Во-вторых, можно указать на вновь возросший интерес к применению в истории формальных и количественных методов, например, использованию теории математического хаоса. Благодаря подобным подходам формируется новое, отличное от постмодернистского, отношение к историческим явлениям.
В-третьих, существует направление исследований, пытающееся создать синтез социологии и традиционной исторической науки - "теоретическая история" [15]. Все это свидетельствует о том, что поиски новой методологии истории благодаря подобным подходам идут в разных направлениях, отличных от постмодернистского.
Одним из направлений разработки новой методологии современной исторической науки является "антропологический поворот". Еще Болингброк писал: "Любовь к истории кажется неотделимой от человеческой природы,
потому что она неотделима от любви к самому себе" [16]. "Антропологический поворот" в мировой историографии, проявившийся как смена ориентиров, явился следствием острых дискуссий 1980-х годов. Антропологический поворот выразился в стремлении к изучению общества "изнутри" и вызвал появление так называемой микроистории. В 90-е годы трансформационные процессы в исторической науке привели к дискредитации незыблемости макросоциологического подхода. Микроисторию И.М. Савельева и А.В. Полетаев характеризуют как "историческое направление, изучающее прошлую социальную реальность на основе микроаналитических подходов, сформировавшихся в современных социальных науках (прежде всего в социологии, социальной психологии, экономической теории и культурной антропологии), включая как выбор объектов исследования, так и соответствующие им методы (теоретический и эмпирический инструментарий)" [17].
Микроанализ был воспринят исторической наукой из других общественных наук. В.Н. Сидорцов определяет микроисторию как "исследование (изучение) человека во времени с применением методов микроанализа, разработанных в социальных науках и адаптированных к соответствующим историческим источникам или позволяющих создавать и анализировать таковые" [18, с. 6].
Так, в экономической науке в качестве направлений микроанализа можно назвать теории фирмы, потребительского поведения и спроса, конкуренции и организации рынков, общественного выбора и благосостояния. В микросоциологии это теоретические подходы, связанные с изучением межличностного взаимодействия, в психологии - психобиографии и т.д. В исторической науке микроанализ был применен в новой экономической истории США, английской социальной истории, итальянской историографии. И.М. Савельева и А.В. Полетаев достаточно убедительно обосновывают преимущества и перспективы этого подхода в исторической науке.

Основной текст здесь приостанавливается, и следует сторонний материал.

(* Every direct summand of a semi-generalized Bassian group is semi-generalized Bassian.
   Context: All groups are additively written abelian groups. A subgroup $H$ of a group $A$ is essential in $A$ if $H \cap S \neq \{0\}$ for every non-zero subgroup $S$ of $A$. A group $G$ is semi-generalized Bassian if, for every subgroup $H \le G$, the existence of an injective homomorphism $G \to G/H$ implies that $H$ is an essential subgroup of some direct summand of $G$. *)

From HB Require Import structures.
From mathcomp Require Import all_boot all_algebra.
Set Implicit Arguments. Unset Strict Implicit. Unset Printing Implicit Defensive.
Import GRing.Theory.
Local Open Scope ring_scope.

Definition is_subgroup (G : zmodType) (H : G -> Prop) : Prop :=
  H 0 /\ (forall x y, H x -> H y -> H (x - y)).

Definition subgroup_le (G : zmodType) (H K : G -> Prop) : Prop :=
  forall x, H x -> K x.

Definition direct_summand (G : zmodType) (K : G -> Prop) : Prop :=
  is_subgroup K /\
  exists L : G -> Prop, is_subgroup L /\
    (forall x, K x -> L x -> x = 0) /\
    (forall g, exists k l, K k /\ L l /\ g = k + l).

Definition essential_in (G : zmodType) (H K : G -> Prop) : Prop :=
  subgroup_le H K /\
  forall S : G -> Prop, is_subgroup S -> subgroup_le S K ->
    (exists s, S s /\ s <> 0) -> exists x, H x /\ S x /\ x <> 0.

(* There is an injective homomorphism G -> G/H.  The quotient G/H is
   given by any group Q with a surjective homomorphism pi : G -> Q whose
   kernel is exactly H (unique up to isomorphism). *)
Definition embeds_in_quotient (G : zmodType) (H : G -> Prop) : Prop :=
  exists (Q : zmodType) (pi : {additive G -> Q}) (phi : {additive G -> Q}),
    (forall q : Q, exists x, pi x = q) /\
    (forall x, pi x = 0 <-> H x) /\
    injective phi.

Definition semi_gen_Bassian (G : zmodType) : Prop :=
  forall H : G -> Prop, is_subgroup H -> embeds_in_quotient H ->
    exists K : G -> Prop, direct_summand K /\ essential_in H K.

From HB Require Import structures.
From mathcomp Require Import all_boot all_algebra.
From mathcomp Require Import boolp.
Set Implicit Arguments. Unset Strict Implicit. Unset Printing Implicit Defensive.
Import GRing.Theory.
Local Open Scope ring_scope.

(* A direct summand A of G comes with a retraction rho of the inclusion i, and
   G = i(A) + ker rho.  An embedding of A into A/H yields one of G into
   A/H + ker rho, which is G/i(H); so i(H) is essential in a summand D = r(G)
   of G.  The endomorphism t = r i rho of D fixes i(H) pointwise.  It is
   injective on D, as its kernel meets i(H) trivially, and onto D, as t - 1
   kills i(H) and is therefore locally nilpotent on D, which is torsion over
   i(H).  Hence A = rho(D) + ker (r i), and H is essential in rho(D). *)

Definition subgroup_image (U V : zmodType) (f : U -> V) (S : U -> Prop) : V -> Prop :=
  fun v => exists2 u, S u & f u = v.

Section Subgroup.
Variables (G : zmodType) (S : G -> Prop).
Hypothesis hS : is_subgroup S.

Lemma subgroup0 : S 0. Proof. exact: hS.1. Qed.

Lemma subgroupB x y : S x -> S y -> S (x - y). Proof. exact: hS.2. Qed.

Lemma subgroupN x : S x -> S (- x).
Proof. by move=> Sx; rewrite -sub0r; apply: subgroupB Sx; apply: subgroup0. Qed.

Lemma subgroupD x y : S x -> S y -> S (x + y).
Proof. by move=> Sx Sy; rewrite -[y]opprK; apply/subgroupB/subgroupN. Qed.

Lemma subgroupMn x n : S x -> S (x *+ n).
Proof.
by move=> Sx; elim: n => [|n IHn]; [apply: subgroup0 | rewrite mulrS; apply: subgroupD].
Qed.

Lemma subgroupMz x z : S x -> S (x *~ z).
Proof.
by move=> Sx; case: z => n; rewrite ?NegzE ?mulrNz; [|apply: subgroupN]; apply: subgroupMn.
Qed.

End Subgroup.

Lemma is_subgroup_zero (G : zmodType) : is_subgroup (fun x : G => x = 0).
Proof. by split=> // x y -> ->; rewrite subrr. Qed.

Lemma is_subgroup_meet (G : zmodType) (S T : G -> Prop) :
  is_subgroup S -> is_subgroup T -> is_subgroup (fun x => S x /\ T x).
Proof.
move=> hS hT; split; first by split; apply: subgroup0.
by move=> x y [Sx Tx] [Sy Ty]; split; apply: subgroupB.
Qed.

Lemma is_subgroup_preim (U V : zmodType) (f : {additive U -> V}) (S : V -> Prop) :
  is_subgroup S -> is_subgroup (fun u => S (f u)).
Proof.
move=> hS; split=> [|x y Sx Sy]; first by rewrite raddf0; apply: subgroup0.
by rewrite raddfB; apply: subgroupB.
Qed.

Lemma is_subgroup_image (U V : zmodType) (f : {additive U -> V}) (S : U -> Prop) :
  is_subgroup S -> is_subgroup (subgroup_image f S).
Proof.
move=> hS; split; first by exists 0; [apply: subgroup0 | rewrite raddf0].
by move=> _ _ [x Sx <-] [y Sy <-]; exists (x - y); [apply: subgroupB | rewrite raddfB].
Qed.

Lemma is_subgroup_cycle (G : zmodType) (x : G) :
  is_subgroup (fun y => exists z : int, y = x *~ z).
Proof.
split; first by exists 0; rewrite mulr0z.
by move=> _ _ [z1 ->] [z2 ->]; exists (z1 - z2); rewrite mulrzBr.
Qed.

Lemma essential_in_mulrn (G : zmodType) (H D : G -> Prop) :
  is_subgroup H -> is_subgroup D -> essential_in H D -> forall x, D x -> x != 0 ->
  exists2 n, (0 < n)%N & H (x *+ n) /\ x *+ n != 0.
Proof.
move=> hH hD [_ essHD] x Dx /eqP x0.
have cycD : subgroup_le (fun y => exists z : int, y = x *~ z) D.
  by move=> _ [z ->]; apply: subgroupMz.
have [|y [Hy [[z yz] /eqP xz0]]] := essHD _ (is_subgroup_cycle x) cycD.
  by exists x; split=> //; exists 1; rewrite mulr1z.
subst y; case: z Hy xz0 => [[|n]|n]; rewrite ?mulr0z ?eqxx //.
  by exists n.+1.
rewrite NegzE mulrNz oppr_eq0 => Hy xn0; exists n.+1 => //.
by split=> //; rewrite -[_ *+ _]opprK; exact: subgroupN.
Qed.

Lemma mulrn_gcdn_eq0 (V : zmodType) (x : V) m n :
  (0 < m)%N -> x *+ m = 0 -> x *+ n = 0 -> x *+ gcdn m n = 0.
Proof.
move=> m_gt0 xm0 xn0; case: (egcdnP n m_gt0) => km kn def_m _.
have /eqP : x *+ (km * m) = 0 by rewrite mulnC mulrnA xm0 mul0rn.
by rewrite def_m mulrnDr mulnC mulrnA xn0 mul0rn add0r => /eqP.
Qed.

Section KillingEssential.
Variables (G : zmodType) (H D : G -> Prop) (g : {additive G -> G}).
Hypotheses (hH : is_subgroup H) (hD : is_subgroup D) (essHD : essential_in H D).
Hypotheses (gD : forall x, D x -> D (g x)) (gH : forall h, H h -> g h = 0).

Lemma killing_essential_mulrn x : D x -> exists2 n, (0 < n)%N & g x *+ n = 0.
Proof.
move=> Dx; have [->|x0] := eqVneq x 0; first by exists 1%N; rewrite // raddf0.
have [n n_gt0 [Hxn _]] := essential_in_mulrn hH hD essHD Dx x0.
by exists n; rewrite // -raddfMn gH.
Qed.

(* Induction on an annihilator N of x: an essential multiple x *+ n <> 0 shows
   that gcdn N n < N annihilates g x. *)
Lemma killing_essential_nilpotent_torsion N x :
  (0 < N)%N -> D x -> x *+ N = 0 -> exists k, iter k g x = 0.
Proof.
elim/ltn_ind: N x => N IHN x N_gt0 Dx xN0.
have [->|x0] := eqVneq x 0; first by exists 0%N.
have [n n_gt0 [Hxn xn0]] := essential_in_mulrn hH hD essHD Dx x0.
have gxN0 : g x *+ N = 0 by rewrite -raddfMn xN0 raddf0.
have gxn0 : g x *+ n = 0 by rewrite -raddfMn gH.
have gcd_lt : (gcdn N n < N)%N.
  rewrite ltn_neqAle dvdn_leq ?dvdn_gcdl // andbT; apply: contra xn0 => /eqP.
  by move/gcdn_idPl/dvdnP=> [c ->]; rewrite mulnC mulrnA xN0 mul0rn.
have gcd_gt0 : (0 < gcdn N n)%N by rewrite gcdn_gt0 N_gt0.
have [k gk0] := IHN _ gcd_lt (g x) gcd_gt0 (gD Dx) (mulrn_gcdn_eq0 N_gt0 gxN0 gxn0).
by exists k.+1; rewrite iterSr.
Qed.

Lemma killing_essential_nilpotent x : D x -> exists k, iter k g x = 0.
Proof.
move=> Dx; have [n n_gt0 gxn0] := killing_essential_mulrn Dx.
have [k gk0] := killing_essential_nilpotent_torsion n_gt0 (gD Dx) gxn0.
by exists k.+1; rewrite iterSr.
Qed.

End KillingEssential.

Lemma nilpotent_addr_onto (G : zmodType) (D : G -> Prop) (g : {additive G -> G}) :
  is_subgroup D -> (forall x, D x -> D (g x)) ->
  (forall x, D x -> exists k, iter k g x = 0) ->
  forall y, D y -> exists2 x, D x & x + g x = y.
Proof.
move=> hD gD g_nil y Dy; have [k] := g_nil y Dy.
elim: k y Dy => [|k IHk] y Dy.
  by move=> /= ->; exists 0; rewrite ?raddf0 ?addr0 //; apply: subgroup0.
rewrite iterSr => gk0; have [x Dx def_gy] := IHk _ (gD y Dy) gk0.
exists (y - x); first exact: subgroupB.
by rewrite raddfB -def_gy addrK subrK.
Qed.

Section FixingEssential.
Variables (G : zmodType) (H D : G -> Prop) (f : {additive G -> G}).
Hypotheses (hH : is_subgroup H) (hD : is_subgroup D) (essHD : essential_in H D).
Hypotheses (fD : forall x, D x -> D (f x)) (fH : forall h, H h -> f h = h).

Lemma fixing_essential_inj x : D x -> f x = 0 -> x = 0.
Proof.
move=> Dx fx0; have [//|x0] := eqVneq x 0; exfalso.
have [|y [Hy [[_ fy0] y0]]] := essHD.2 _ (is_subgroup_meet hD
    (is_subgroup_preim f (is_subgroup_zero G))) (fun y => @proj1 _ _).
  by exists x; split=> //; apply/eqP.
by apply: y0; rewrite -(fH Hy).
Qed.

Lemma fixing_essential_onto y : D y -> exists2 x, D x & f x = y.
Proof.
have gD x : D x -> D ((f \- idfun) x) by move=> Dx; apply: subgroupB (fD Dx) Dx.
have gH h : H h -> (f \- idfun) h = 0 by move=> Hh; rewrite /= fH ?subrr.
move=> Dy; have [x Dx <-] := nilpotent_addr_onto hD gD
  (killing_essential_nilpotent hH hD essHD gD gH) Dy.
by exists x; rewrite //= addrC subrK.
Qed.

End FixingEssential.

Lemma direct_summand_projection (G : zmodType) (D : G -> Prop) :
  direct_summand D ->
  exists r : {additive G -> G}, (forall g, D (r g)) /\ (forall d, D d -> r d = d).
Proof.
case=> hD [E [hE [DE0 DE]]].
have /choice[r rP] : forall g, exists d, D d /\ E (g - d).
  move=> g; have [d [e [Dd [Ee ->]]]] := DE g.
  by exists d; rewrite addrC addKr.
have r_uniq g d : D d -> E (g - d) -> r g = d.
  move=> Dd Egd; apply/eqP; rewrite -subr_eq0; apply/eqP/DE0.
    exact: subgroupB (rP g).1 Dd.
  by have := subgroupB hE Egd (rP g).2; rewrite opprB addrC addrA subrK.
have r_morph : zmod_morphism r.
  move=> x y; apply: r_uniq; first exact: subgroupB (rP x).1 (rP y).1.
  have -> : x - y - (r x - r y) = (x - r x) - (y - r y).
    by rewrite !opprB addrACA [RHS]addrACA; congr (_ + _); apply: addrC.
  exact: subgroupB (rP x).2 (rP y).2.
pose rA : {additive G -> G} := HB.pack r (GRing.isZmodMorphism.Build _ _ r r_morph).
exists rA.
by split=> [g | d Dd]; [apply: (rP g).1 | apply: r_uniq; rewrite // subrr; apply: subgroup0].
Qed.

Lemma direct_summand_retraction (G A : zmodType) (K : G -> Prop) (i : {additive A -> G}) :
  direct_summand K -> injective i -> (forall g, K g <-> exists a, i a = g) ->
  exists rho : {additive G -> A}, cancel i rho.
Proof.
move=> sK inj_i Ki; have [r [rK r_id]] := direct_summand_projection sK.
have /choice[rho rhoP] : forall g, exists a, i a = r g by move=> g; apply/Ki.
have rho_morph : zmod_morphism rho.
  by move=> x y; apply: inj_i; rewrite raddfB !rhoP raddfB.
pose rhoA : {additive G -> A} := HB.pack rho (GRing.isZmodMorphism.Build _ _ rho rho_morph).
by exists rhoA => a; apply: inj_i; rewrite /= rhoP r_id //; apply/Ki; exists a.
Qed.

Section Kernel.
Variables (U V : zmodType) (f : {additive U -> V}).

Definition kernel : {pred U} := [pred u | f u == 0].

Lemma kernel_zmod_closed : zmod_closed kernel.
Proof.
split=> [|x y]; rewrite !inE ?raddf0 //.
by rewrite raddfB => /eqP-> /eqP->; rewrite subrr.
Qed.

HB.instance Definition _ := GRing.isZmodClosed.Build U kernel kernel_zmod_closed.

Inductive kernel_type : predArgType := KernelElem u & u \in kernel.
Definition kernel_val w : U := let: KernelElem u _ := w in u.
HB.instance Definition _ := [isSub of kernel_type for kernel_val].
HB.instance Definition _ := [Choice of kernel_type by <:].
HB.instance Definition _ := [SubChoice_isSubZmodule of kernel_type by <:].

End Kernel.

Section PairMorphism.
Variables (U V W : zmodType) (f : {additive U -> V}) (g : {additive U -> W}).

Definition pair_fun u := (f u, g u).

Lemma pair_fun_is_zmod_morphism : zmod_morphism pair_fun.
Proof. by move=> x y; rewrite /pair_fun !raddfB. Qed.

HB.instance Definition _ :=
  GRing.isZmodMorphism.Build U (V * W)%type pair_fun pair_fun_is_zmod_morphism.

End PairMorphism.

Section Retract.
Variables (G A : zmodType) (i : {additive A -> G}) (rho : {additive G -> A}).
Hypothesis iK : cancel i rho.

Lemma retract_complement_in_kernel g : g - i (rho g) \in kernel rho.
Proof. by rewrite inE raddfB iK subrr. Qed.

Definition retract_complement g : kernel_type rho :=
  KernelElem (retract_complement_in_kernel g).

Lemma retract_complement_is_zmod_morphism : zmod_morphism retract_complement.
Proof.
move=> x y; apply: val_inj => /=.
by rewrite (raddfB rho) (raddfB i) !opprB addrACA [RHS]addrACA; congr (_ + _); apply: addrC.
Qed.

HB.instance Definition _ := GRing.isZmodMorphism.Build G (kernel_type rho)
  retract_complement retract_complement_is_zmod_morphism.

Lemma embeds_in_quotient_retract H :
  embeds_in_quotient H -> embeds_in_quotient (subgroup_image i H).
Proof.
case=> Q [pi [phi [pi_onto [pi_ker phi_inj]]]].
exists (Q * kernel_type rho)%type, (pair_fun (pi \o rho) retract_complement),
  (pair_fun (phi \o rho) retract_complement); split; [|split].
- case=> q l; have [a <-] := pi_onto q; exists (i a + kernel_val l).
  have rho_l : rho (kernel_val l) = 0 by apply/eqP; apply: (valP l).
  congr pair => /=; first by rewrite raddfD iK rho_l addr0.
  by apply: val_inj; rewrite /= raddfD iK rho_l addr0 addrAC subrr add0r.
- move=> g; split=> [e | [h Hh <-]].
    have /pi_ker Hrg := congr1 fst e.
    have /(congr1 val)/eqP := congr1 snd e; rewrite subr_eq0 => /eqP def_g.
    by exists (rho g).
  congr pair => /=; first by rewrite iK; apply/pi_ker.
  by apply: val_inj; rewrite /= iK subrr.
- move=> x y e; have /phi_inj rho_xy := congr1 fst e.
  have /(congr1 val) /= comp_xy := congr1 snd e.
  by rewrite -(subrK (i (rho x)) x) comp_xy rho_xy subrK.
Qed.

Lemma essential_in_retract_image (H : A -> Prop) (D : G -> Prop) :
  is_subgroup D -> essential_in (subgroup_image i H) D ->
  essential_in H (subgroup_image rho D).
Proof.
move=> hD essHD; split=> [h Hh | S hS SD [s [Ss s0]]].
  by exists (i h); [apply: essHD.1; exists h | rewrite iK].
pose S' x := D x /\ S (rho x).
have hS' : is_subgroup S' := is_subgroup_meet hD (is_subgroup_preim rho hS).
have [x Dx rho_x] := SD s Ss.
have [|y [[h Hh def_y] [[_ Sh] y0]]] := essHD.2 S' hS' (fun y (S'y : S' y) => S'y.1).
  exists x; split; first by split; rewrite // rho_x.
  by move=> x0; apply: s0; rewrite -rho_x x0 raddf0.
move: Sh y0; rewrite -def_y iK => Sh ih0.
by exists h; split=> //; split=> // h0; apply: ih0; rewrite h0 raddf0.
Qed.

Lemma direct_summand_retract_image (H : A -> Prop) (D : G -> Prop) (r : {additive G -> G}) :
  is_subgroup H -> is_subgroup D -> (forall g, D (r g)) -> (forall d, D d -> r d = d) ->
  essential_in (subgroup_image i H) D -> direct_summand (subgroup_image rho D).
Proof.
move=> hH hD rD r_id essHD; pose t : {additive G -> G} := r \o i \o rho.
have t_fix g : subgroup_image i H g -> t g = g.
  move=> iHg; have Dg := essHD.1 _ iHg.
  by case: iHg Dg => h _ <- Dih; rewrite /t /= iK r_id.
have tD x : D x -> D (t x) by move=> _; apply: rD.
have t_inj := fixing_essential_inj hD essHD t_fix.
have t_onto := fixing_essential_onto (is_subgroup_image i hH) hD essHD tD t_fix.
split; first exact: is_subgroup_image.
exists (fun a => r (i a) = 0); split.
  exact: (is_subgroup_preim (r \o i) (is_subgroup_zero G)).
split=> [_ [x Dx <-] tx0 | a]; first by rewrite (t_inj x Dx tx0) raddf0.
have [x Dx tx] := t_onto _ (rD (i a)).
exists (rho x), (a - rho x); split; first by exists x.
by split; [rewrite !raddfB -tx subrr | rewrite addrC subrK].
Qed.

Lemma semi_gen_Bassian_retract : semi_gen_Bassian G -> semi_gen_Bassian A.
Proof.
move=> GB H hH /embeds_in_quotient_retract emb.
have [D [sD essHD]] := GB _ (is_subgroup_image i hH) emb.
have [r [rD r_id]] := direct_summand_projection sD.
exists (subgroup_image rho D); split.
  exact: direct_summand_retract_image hH sD.1 rD r_id essHD.
exact: essential_in_retract_image sD.1 essHD.
Qed.

End Retract.

Theorem theorem2p5 (G : zmodType) (K : G -> Prop) (A : zmodType)
    (i : {additive A -> G}) :
  semi_gen_Bassian G -> direct_summand K ->
  injective i -> (forall g, K g <-> exists a, i a = g) ->
  semi_gen_Bassian A.
Proof.
move=> GB sK inj_i Ki; have [rho iK] := direct_summand_retraction sK inj_i Ki.
exact: semi_gen_Bassian_retract iK GB.
Qed.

Смена предметной ориентации истории, состоящая в проникновении исторического познания в повседневную жизнь людей прошлого, привела к конструированию междисциплинарных объектов. В связи с этим во второй половине ХХ в. в историографии появились такие направления, как квантитативная история, историческая психология,
женская история, экологическая история, история семьи, история национальных меньшинств, гендерная история и другие. Это также может быть рассмотрено как пример пара-дигмального, другими словами, философского уровня исторической методологии.
Междисциплинарность интегрировала концепции, новые подходы и методы, которые используются в других социальных науках (например, в социальной философии и социологии). Основание для такого заимствования существует: настоящее, которое изучает социальная философия, разрабатывающая теоретические модели и схемы, вышло из прошлого и несет в себе ту его часть, которая похожа на настоящее: "Историки вынуждены овладевать теориями и методами социальных наук и, отталкиваясь от них, создавать новые или, по крайней мере, модифицировать используемые, ориентируясь на анализ прошлого" [18, с. 5]. Итак, необходимость и возможность использования общих теорий истории, по мнению методологов истории, инициируется особенностями современного развития исторической науки.
Разработчики "метода построения теоретической истории" предлагают обратиться к наиболее успешным исследованиям макросоциологии - к работам Р. Карнейро. А. Стичкомба, Т. Скочпол и Р. Коллинза. При этом речь идет не о разработке "метода построения любых теорий истории", так как последний будет слишком "абстрактным и трудноприложимым к организации конкретного исследования. Речь идет о механизме построения исторических теорий, в которых явления-следствия и явления-причины (факторы) можно представить в виде сочетания значений переменных" [15, с. 239].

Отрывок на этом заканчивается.